**What is needed**
Quote exactly and only this range of lines in the data below: the line that holds "Section DoubleCoverSwap." to the line that holds "Proof. by case=>", both included.

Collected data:
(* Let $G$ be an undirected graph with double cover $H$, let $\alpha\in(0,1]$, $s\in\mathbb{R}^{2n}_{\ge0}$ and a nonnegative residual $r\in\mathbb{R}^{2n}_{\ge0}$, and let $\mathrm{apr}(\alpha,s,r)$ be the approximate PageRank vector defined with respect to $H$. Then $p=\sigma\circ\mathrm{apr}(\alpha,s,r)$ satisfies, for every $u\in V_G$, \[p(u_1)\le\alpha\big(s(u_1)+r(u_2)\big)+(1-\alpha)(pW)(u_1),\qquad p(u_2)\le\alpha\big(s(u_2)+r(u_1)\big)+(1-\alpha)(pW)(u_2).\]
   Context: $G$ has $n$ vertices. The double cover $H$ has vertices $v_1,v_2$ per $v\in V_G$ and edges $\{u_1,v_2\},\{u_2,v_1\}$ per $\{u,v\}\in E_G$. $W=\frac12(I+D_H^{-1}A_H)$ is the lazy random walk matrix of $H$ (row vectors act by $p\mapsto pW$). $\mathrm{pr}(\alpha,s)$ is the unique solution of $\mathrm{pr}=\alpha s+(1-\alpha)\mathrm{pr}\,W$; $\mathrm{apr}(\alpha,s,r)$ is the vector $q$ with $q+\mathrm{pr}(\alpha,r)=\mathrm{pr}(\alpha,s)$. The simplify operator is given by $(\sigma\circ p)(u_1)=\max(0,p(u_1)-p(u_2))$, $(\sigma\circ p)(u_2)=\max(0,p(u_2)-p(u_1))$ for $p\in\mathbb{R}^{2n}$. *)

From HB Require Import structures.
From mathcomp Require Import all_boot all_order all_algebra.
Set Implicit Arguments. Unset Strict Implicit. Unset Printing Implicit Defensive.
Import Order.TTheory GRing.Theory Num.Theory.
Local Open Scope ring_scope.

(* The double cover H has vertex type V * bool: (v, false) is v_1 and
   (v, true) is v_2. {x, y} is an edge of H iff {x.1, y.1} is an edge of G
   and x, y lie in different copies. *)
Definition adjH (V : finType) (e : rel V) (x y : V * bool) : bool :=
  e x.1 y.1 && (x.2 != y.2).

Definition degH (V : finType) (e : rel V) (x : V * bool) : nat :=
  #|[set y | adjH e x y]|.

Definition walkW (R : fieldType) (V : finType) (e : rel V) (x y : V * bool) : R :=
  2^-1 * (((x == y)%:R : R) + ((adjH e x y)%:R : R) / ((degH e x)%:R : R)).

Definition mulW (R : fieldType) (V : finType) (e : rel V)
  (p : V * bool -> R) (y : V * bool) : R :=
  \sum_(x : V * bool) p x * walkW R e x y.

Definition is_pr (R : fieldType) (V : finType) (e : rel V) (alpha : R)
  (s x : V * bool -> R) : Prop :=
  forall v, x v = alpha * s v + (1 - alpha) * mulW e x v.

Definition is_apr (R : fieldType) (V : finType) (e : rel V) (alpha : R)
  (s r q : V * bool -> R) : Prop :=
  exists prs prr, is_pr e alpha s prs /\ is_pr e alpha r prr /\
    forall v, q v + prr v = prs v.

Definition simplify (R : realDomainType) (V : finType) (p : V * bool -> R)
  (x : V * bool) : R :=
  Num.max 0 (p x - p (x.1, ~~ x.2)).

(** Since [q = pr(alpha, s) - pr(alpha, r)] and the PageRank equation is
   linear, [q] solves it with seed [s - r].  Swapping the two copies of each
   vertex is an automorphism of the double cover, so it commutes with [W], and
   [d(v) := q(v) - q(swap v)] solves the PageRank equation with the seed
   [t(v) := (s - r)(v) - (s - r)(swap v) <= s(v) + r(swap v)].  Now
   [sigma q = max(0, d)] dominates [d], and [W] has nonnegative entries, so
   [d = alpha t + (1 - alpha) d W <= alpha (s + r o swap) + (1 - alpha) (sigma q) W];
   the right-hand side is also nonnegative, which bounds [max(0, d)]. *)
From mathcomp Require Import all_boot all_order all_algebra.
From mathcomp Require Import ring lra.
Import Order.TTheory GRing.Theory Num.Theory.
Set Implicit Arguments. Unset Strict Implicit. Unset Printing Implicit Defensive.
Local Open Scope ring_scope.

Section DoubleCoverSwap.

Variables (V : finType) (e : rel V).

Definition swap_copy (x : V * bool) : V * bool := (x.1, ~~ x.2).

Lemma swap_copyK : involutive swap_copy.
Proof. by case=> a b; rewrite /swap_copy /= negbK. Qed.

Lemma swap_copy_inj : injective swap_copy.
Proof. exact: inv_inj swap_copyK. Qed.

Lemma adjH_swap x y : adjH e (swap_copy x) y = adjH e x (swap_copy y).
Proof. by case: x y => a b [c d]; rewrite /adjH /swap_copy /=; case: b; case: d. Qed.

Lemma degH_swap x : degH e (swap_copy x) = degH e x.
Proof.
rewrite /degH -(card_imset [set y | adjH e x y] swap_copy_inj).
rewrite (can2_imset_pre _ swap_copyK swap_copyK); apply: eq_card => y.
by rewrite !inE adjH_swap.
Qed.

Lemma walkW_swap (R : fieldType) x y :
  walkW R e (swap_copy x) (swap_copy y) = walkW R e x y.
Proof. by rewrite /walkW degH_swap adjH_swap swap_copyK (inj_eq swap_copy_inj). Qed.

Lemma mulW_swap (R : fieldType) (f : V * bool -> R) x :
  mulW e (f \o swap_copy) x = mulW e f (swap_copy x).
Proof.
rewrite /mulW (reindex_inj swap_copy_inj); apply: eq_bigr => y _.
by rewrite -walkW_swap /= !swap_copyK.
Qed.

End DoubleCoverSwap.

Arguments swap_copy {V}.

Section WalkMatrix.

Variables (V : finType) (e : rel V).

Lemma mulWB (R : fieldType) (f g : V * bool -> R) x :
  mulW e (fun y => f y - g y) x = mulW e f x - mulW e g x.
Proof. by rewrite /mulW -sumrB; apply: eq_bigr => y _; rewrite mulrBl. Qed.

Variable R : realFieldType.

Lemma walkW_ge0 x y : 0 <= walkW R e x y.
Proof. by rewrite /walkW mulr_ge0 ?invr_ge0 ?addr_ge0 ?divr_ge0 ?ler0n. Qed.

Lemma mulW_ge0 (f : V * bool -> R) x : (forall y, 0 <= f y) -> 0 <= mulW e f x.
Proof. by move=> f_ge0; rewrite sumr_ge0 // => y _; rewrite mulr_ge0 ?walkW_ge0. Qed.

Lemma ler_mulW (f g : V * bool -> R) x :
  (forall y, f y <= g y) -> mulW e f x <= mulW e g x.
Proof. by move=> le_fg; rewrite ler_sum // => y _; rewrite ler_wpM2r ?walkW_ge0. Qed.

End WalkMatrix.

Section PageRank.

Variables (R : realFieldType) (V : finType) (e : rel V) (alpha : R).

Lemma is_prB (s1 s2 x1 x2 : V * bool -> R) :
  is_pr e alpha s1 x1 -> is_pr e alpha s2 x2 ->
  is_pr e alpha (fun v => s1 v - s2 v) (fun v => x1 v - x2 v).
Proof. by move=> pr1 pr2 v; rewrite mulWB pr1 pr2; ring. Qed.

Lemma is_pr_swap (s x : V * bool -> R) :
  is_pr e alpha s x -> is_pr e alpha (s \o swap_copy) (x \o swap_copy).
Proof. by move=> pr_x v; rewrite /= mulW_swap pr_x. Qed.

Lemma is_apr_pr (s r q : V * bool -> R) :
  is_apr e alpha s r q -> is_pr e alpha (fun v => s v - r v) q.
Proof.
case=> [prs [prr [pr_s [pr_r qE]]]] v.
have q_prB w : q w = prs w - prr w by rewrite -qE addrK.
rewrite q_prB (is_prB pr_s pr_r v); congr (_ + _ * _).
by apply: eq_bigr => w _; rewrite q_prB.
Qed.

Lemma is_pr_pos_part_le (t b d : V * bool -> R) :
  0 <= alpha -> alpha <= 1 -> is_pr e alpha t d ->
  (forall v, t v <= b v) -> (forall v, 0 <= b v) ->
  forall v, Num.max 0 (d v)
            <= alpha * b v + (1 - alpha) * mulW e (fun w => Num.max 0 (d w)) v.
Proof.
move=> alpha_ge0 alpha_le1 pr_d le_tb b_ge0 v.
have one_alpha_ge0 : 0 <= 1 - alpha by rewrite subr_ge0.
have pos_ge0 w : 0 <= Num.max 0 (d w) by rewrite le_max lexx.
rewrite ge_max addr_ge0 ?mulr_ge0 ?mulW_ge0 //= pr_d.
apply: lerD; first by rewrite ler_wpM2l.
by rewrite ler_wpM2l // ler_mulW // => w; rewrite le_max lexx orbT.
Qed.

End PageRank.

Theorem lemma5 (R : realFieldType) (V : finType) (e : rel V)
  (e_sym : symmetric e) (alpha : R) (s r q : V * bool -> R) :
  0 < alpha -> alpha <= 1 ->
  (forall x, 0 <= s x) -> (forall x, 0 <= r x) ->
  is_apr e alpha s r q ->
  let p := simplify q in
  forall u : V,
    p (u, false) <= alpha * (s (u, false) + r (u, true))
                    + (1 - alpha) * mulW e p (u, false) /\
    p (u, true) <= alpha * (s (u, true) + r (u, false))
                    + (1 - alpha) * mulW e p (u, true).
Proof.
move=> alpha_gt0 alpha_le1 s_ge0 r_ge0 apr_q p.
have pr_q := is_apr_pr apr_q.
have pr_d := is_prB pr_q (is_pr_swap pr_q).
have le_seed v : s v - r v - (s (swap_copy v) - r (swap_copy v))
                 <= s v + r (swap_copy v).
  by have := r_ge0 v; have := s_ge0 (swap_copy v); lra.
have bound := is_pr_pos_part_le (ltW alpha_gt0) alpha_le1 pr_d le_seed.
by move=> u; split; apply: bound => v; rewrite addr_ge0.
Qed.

**Exercise solution**
Section DoubleCoverSwap.

Variables (V : finType) (e : rel V).

Definition swap_copy (x : V * bool) : V * bool := (x.1, ~~ x.2).

Lemma swap_copyK : involutive swap_copy.
Proof. by case=> a b; rewrite /swap_copy /= negbK. Qed.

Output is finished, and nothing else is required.